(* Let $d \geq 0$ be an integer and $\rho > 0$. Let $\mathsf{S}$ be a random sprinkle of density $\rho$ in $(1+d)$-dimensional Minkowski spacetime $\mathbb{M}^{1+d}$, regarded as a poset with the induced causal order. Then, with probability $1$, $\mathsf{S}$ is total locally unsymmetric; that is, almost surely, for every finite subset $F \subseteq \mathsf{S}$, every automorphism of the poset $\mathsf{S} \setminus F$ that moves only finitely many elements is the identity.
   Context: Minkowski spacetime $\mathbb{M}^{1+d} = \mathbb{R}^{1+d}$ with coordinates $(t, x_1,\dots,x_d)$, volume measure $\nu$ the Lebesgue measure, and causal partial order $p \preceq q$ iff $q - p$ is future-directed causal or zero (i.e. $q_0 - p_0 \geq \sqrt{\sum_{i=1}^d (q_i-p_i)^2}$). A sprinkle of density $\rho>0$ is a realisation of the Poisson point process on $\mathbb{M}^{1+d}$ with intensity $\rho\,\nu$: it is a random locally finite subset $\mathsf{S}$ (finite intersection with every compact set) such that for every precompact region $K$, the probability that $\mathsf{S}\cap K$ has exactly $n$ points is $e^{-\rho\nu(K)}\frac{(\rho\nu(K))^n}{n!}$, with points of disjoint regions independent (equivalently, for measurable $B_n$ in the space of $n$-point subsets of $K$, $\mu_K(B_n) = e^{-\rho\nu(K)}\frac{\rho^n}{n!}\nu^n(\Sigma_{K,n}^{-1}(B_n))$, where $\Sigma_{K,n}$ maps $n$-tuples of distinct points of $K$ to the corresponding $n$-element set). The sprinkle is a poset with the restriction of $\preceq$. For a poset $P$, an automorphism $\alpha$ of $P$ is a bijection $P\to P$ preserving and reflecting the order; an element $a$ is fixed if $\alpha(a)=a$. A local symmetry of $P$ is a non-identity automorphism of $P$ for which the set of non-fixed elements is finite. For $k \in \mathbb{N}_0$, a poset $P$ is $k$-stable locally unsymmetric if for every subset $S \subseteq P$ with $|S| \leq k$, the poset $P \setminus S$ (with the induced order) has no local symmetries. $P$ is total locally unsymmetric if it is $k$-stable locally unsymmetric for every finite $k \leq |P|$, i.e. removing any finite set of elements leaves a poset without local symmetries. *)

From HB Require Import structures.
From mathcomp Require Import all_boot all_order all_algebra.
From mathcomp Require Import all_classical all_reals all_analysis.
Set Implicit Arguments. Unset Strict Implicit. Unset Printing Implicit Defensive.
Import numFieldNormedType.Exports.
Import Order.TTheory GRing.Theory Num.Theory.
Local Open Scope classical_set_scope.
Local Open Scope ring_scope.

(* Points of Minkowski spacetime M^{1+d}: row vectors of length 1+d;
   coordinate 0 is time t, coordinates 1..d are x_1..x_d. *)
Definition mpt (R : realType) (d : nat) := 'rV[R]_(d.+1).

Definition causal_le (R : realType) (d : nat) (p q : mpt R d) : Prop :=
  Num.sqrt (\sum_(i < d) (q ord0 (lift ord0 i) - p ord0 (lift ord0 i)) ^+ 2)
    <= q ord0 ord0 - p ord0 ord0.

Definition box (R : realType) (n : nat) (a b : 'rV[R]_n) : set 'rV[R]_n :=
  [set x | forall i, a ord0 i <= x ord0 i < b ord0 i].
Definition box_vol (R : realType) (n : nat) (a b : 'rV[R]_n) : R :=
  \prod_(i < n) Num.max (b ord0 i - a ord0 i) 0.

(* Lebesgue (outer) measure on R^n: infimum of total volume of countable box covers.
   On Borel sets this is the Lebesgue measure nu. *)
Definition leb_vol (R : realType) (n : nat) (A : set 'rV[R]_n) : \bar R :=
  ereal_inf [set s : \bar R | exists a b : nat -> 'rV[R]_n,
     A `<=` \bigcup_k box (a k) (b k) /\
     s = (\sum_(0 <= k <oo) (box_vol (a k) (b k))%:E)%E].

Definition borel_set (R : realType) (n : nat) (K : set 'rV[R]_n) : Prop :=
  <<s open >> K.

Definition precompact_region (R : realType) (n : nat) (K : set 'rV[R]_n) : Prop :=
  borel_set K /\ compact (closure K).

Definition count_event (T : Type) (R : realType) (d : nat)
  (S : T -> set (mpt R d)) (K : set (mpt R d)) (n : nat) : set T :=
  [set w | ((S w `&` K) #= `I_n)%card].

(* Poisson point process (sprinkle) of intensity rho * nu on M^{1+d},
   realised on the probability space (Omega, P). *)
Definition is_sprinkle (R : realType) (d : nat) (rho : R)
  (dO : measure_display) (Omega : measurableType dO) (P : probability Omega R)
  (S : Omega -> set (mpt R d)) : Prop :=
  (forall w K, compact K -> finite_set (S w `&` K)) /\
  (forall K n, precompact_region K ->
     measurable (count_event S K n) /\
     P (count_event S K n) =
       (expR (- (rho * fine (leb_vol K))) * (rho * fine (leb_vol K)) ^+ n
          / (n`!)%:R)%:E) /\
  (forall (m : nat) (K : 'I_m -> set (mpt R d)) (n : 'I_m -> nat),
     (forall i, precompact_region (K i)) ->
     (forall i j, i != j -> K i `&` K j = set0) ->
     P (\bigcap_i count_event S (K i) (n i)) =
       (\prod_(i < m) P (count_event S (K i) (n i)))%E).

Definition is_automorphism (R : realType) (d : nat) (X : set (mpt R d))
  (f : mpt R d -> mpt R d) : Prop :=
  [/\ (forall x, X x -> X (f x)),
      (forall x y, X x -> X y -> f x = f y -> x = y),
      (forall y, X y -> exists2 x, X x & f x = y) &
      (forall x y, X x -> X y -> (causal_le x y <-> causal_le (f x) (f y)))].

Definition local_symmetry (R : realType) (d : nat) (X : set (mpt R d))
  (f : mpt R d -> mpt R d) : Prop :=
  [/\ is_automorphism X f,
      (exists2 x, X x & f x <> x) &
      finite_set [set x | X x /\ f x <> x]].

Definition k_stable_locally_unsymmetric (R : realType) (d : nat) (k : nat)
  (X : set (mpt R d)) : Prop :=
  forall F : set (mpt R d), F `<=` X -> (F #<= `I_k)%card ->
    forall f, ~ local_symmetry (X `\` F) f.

● ● ●

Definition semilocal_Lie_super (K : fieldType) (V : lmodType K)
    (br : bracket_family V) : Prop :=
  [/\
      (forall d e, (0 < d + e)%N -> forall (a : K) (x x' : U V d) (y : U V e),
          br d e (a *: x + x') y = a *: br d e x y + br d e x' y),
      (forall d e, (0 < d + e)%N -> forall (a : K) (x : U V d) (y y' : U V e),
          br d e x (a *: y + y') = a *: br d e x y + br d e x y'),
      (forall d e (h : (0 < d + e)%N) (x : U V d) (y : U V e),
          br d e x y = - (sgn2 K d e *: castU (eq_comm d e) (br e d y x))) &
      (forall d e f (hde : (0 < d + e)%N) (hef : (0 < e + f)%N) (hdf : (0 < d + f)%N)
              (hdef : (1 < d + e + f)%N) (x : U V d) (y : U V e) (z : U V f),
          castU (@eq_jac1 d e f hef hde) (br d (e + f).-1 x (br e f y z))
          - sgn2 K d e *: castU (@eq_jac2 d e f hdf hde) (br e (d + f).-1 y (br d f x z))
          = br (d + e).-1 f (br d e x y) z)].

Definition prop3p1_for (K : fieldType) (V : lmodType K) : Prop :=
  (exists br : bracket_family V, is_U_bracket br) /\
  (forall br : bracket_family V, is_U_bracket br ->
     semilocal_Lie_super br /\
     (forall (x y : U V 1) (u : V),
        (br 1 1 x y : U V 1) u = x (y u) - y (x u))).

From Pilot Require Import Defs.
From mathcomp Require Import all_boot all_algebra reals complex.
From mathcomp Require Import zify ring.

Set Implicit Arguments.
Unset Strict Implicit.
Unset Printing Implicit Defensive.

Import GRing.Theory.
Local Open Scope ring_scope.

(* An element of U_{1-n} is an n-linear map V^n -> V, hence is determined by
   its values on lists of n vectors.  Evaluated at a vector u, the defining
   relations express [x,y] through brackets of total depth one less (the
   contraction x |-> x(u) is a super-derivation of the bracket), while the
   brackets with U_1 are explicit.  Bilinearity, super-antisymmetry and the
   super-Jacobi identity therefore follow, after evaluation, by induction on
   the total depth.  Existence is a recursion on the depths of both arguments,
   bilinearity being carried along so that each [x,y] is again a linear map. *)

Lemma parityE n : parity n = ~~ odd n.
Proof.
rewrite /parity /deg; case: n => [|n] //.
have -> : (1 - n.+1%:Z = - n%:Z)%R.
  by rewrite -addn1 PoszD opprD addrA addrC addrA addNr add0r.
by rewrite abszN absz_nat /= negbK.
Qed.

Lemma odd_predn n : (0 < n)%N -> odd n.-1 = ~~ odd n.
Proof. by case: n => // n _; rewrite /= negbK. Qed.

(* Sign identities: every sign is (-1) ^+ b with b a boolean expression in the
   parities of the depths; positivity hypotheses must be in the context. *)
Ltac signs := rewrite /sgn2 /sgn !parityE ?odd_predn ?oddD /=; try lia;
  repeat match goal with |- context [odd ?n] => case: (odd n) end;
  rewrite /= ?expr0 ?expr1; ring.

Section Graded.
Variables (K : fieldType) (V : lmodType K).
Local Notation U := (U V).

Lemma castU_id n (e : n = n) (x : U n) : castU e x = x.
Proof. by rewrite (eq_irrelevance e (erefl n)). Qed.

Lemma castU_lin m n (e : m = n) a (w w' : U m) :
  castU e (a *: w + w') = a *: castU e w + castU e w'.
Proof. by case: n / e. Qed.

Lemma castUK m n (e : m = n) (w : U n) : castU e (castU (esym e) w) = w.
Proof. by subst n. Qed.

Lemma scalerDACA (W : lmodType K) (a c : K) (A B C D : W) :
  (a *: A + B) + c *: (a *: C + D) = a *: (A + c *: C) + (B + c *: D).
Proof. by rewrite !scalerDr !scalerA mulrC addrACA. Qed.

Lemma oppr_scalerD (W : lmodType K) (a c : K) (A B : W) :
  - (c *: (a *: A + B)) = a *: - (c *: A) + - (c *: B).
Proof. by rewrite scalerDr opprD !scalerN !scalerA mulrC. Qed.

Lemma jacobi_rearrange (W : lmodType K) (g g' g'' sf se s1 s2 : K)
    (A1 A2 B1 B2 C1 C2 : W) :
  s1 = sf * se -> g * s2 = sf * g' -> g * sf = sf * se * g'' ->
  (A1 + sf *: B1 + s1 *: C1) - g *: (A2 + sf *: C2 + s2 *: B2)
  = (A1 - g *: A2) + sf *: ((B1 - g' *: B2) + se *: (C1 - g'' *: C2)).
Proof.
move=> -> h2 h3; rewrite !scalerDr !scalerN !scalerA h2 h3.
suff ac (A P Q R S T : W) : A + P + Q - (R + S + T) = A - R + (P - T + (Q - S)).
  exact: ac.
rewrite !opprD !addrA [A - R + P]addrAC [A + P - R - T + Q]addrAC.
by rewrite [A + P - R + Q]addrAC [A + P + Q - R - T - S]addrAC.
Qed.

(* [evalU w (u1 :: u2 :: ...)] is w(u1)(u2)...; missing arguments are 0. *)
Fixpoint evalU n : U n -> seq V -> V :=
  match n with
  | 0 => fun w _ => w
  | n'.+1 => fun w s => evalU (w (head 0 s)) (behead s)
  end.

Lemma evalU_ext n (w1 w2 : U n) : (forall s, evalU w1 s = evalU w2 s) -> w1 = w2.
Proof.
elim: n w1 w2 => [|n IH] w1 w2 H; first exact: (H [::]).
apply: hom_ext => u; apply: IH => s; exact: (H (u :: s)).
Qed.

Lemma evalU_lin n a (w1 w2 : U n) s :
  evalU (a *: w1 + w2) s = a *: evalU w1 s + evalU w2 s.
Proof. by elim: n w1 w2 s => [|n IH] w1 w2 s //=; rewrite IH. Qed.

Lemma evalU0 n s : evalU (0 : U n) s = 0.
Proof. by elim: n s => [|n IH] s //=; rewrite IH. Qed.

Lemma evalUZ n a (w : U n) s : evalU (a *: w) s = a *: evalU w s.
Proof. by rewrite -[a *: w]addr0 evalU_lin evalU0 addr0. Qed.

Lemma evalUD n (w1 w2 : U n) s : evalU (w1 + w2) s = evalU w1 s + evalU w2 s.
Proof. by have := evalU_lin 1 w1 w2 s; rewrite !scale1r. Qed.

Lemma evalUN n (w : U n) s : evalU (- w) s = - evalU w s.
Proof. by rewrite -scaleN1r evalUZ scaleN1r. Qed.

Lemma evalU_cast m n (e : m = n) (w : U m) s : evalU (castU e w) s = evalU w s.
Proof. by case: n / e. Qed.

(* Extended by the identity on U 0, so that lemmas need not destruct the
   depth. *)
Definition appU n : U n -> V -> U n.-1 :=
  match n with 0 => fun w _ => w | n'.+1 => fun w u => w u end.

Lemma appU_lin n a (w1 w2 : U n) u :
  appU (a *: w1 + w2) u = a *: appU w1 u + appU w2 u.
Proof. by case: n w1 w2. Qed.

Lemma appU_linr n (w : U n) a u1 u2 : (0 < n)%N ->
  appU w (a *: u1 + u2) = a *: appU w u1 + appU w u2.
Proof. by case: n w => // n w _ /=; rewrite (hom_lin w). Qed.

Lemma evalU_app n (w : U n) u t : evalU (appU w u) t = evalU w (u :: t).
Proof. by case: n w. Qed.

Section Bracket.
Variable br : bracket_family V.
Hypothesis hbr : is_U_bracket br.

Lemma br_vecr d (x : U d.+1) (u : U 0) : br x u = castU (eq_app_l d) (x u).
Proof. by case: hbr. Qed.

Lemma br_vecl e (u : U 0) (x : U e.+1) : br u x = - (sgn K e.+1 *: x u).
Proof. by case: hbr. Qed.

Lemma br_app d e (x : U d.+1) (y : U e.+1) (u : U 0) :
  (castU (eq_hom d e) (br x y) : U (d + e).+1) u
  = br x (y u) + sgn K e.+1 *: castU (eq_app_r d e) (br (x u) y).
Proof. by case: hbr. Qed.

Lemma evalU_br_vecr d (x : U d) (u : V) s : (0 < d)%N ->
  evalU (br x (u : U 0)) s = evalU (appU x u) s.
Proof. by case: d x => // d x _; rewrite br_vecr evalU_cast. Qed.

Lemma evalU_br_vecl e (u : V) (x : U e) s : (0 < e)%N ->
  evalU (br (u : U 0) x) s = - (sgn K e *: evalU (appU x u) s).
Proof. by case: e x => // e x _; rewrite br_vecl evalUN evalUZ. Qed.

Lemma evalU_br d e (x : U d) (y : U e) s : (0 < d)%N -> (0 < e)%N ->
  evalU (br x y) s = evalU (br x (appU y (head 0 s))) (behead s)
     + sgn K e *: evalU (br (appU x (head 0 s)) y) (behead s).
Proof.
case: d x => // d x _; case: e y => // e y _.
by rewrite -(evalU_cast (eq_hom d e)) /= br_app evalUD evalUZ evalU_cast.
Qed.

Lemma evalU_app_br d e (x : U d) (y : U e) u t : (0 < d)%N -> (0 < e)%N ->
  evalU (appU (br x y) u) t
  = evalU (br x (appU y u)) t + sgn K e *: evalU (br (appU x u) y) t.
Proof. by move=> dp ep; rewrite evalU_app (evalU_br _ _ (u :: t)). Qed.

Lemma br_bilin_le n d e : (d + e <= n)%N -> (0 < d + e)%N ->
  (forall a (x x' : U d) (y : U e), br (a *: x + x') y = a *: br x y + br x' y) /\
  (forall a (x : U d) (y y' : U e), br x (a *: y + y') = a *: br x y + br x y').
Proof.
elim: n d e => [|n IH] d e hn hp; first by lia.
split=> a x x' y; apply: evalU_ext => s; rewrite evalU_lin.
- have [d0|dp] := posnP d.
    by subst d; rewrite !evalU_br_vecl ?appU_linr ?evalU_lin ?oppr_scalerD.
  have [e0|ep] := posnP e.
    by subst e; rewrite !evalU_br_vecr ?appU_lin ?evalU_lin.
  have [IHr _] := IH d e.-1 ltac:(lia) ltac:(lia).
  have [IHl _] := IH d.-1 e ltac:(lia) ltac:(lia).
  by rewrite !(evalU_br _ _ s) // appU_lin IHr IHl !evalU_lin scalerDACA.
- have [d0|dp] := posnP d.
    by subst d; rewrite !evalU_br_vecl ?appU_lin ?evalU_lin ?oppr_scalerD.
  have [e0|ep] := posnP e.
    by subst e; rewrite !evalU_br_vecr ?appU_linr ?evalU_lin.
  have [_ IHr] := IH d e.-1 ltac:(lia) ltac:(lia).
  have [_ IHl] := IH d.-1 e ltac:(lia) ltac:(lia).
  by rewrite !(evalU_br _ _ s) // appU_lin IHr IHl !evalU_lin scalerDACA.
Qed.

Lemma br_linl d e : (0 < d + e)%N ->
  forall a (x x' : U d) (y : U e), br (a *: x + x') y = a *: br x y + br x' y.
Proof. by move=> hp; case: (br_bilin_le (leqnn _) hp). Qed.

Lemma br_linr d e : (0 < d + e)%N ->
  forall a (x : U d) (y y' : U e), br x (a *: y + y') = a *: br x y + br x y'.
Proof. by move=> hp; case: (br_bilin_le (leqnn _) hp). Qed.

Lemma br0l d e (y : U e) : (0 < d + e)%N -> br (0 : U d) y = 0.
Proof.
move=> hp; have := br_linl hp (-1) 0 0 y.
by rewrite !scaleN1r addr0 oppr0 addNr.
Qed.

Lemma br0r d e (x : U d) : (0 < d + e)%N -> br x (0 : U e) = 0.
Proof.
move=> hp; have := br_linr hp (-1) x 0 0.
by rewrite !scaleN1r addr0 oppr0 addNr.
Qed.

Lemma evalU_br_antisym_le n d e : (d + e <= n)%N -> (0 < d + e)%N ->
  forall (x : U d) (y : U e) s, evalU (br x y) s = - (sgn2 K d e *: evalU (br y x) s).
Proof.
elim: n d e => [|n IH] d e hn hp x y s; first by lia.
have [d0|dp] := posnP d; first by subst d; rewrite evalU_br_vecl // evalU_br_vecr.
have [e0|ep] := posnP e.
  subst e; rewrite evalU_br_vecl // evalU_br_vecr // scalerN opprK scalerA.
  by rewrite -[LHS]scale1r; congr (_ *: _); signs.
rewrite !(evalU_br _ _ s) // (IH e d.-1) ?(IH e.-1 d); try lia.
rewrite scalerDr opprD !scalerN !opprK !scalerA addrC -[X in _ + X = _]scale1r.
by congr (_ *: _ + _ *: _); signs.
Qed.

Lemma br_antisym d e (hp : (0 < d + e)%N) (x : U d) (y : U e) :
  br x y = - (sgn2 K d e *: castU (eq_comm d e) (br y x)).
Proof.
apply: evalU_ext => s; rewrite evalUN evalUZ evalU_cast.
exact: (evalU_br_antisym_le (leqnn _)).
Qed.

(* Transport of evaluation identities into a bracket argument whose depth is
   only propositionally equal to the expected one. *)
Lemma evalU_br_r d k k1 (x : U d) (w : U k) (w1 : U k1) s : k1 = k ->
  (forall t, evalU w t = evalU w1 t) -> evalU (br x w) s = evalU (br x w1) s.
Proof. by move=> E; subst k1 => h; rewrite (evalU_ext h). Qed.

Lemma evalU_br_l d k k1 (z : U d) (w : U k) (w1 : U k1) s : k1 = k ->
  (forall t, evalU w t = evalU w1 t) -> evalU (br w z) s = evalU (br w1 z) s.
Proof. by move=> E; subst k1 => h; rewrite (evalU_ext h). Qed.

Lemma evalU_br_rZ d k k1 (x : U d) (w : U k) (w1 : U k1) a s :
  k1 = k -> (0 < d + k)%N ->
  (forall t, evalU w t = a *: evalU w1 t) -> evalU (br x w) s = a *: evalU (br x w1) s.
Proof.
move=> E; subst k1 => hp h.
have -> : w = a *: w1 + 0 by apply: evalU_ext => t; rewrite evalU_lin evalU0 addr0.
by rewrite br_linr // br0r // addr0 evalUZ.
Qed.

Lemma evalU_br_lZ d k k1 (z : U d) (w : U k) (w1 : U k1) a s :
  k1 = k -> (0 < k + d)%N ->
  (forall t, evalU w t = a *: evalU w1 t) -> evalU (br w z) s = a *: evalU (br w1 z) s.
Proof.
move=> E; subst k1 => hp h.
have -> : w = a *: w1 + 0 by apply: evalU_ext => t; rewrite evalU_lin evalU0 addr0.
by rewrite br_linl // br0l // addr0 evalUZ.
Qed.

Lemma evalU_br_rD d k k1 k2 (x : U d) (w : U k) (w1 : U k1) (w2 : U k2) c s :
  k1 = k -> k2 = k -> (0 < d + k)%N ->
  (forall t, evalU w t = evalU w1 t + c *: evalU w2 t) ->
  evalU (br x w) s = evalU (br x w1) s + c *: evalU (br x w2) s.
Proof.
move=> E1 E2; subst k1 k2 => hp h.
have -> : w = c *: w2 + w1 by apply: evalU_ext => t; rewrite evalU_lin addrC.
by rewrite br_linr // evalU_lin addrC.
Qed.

● ● ●

Task objective: From the material above, please return each line containing "negbK".

Solution to this exercise:
by rewrite abszN absz_nat /= negbK.
Proof. by case: n => // n _; rewrite /= negbK. Qed.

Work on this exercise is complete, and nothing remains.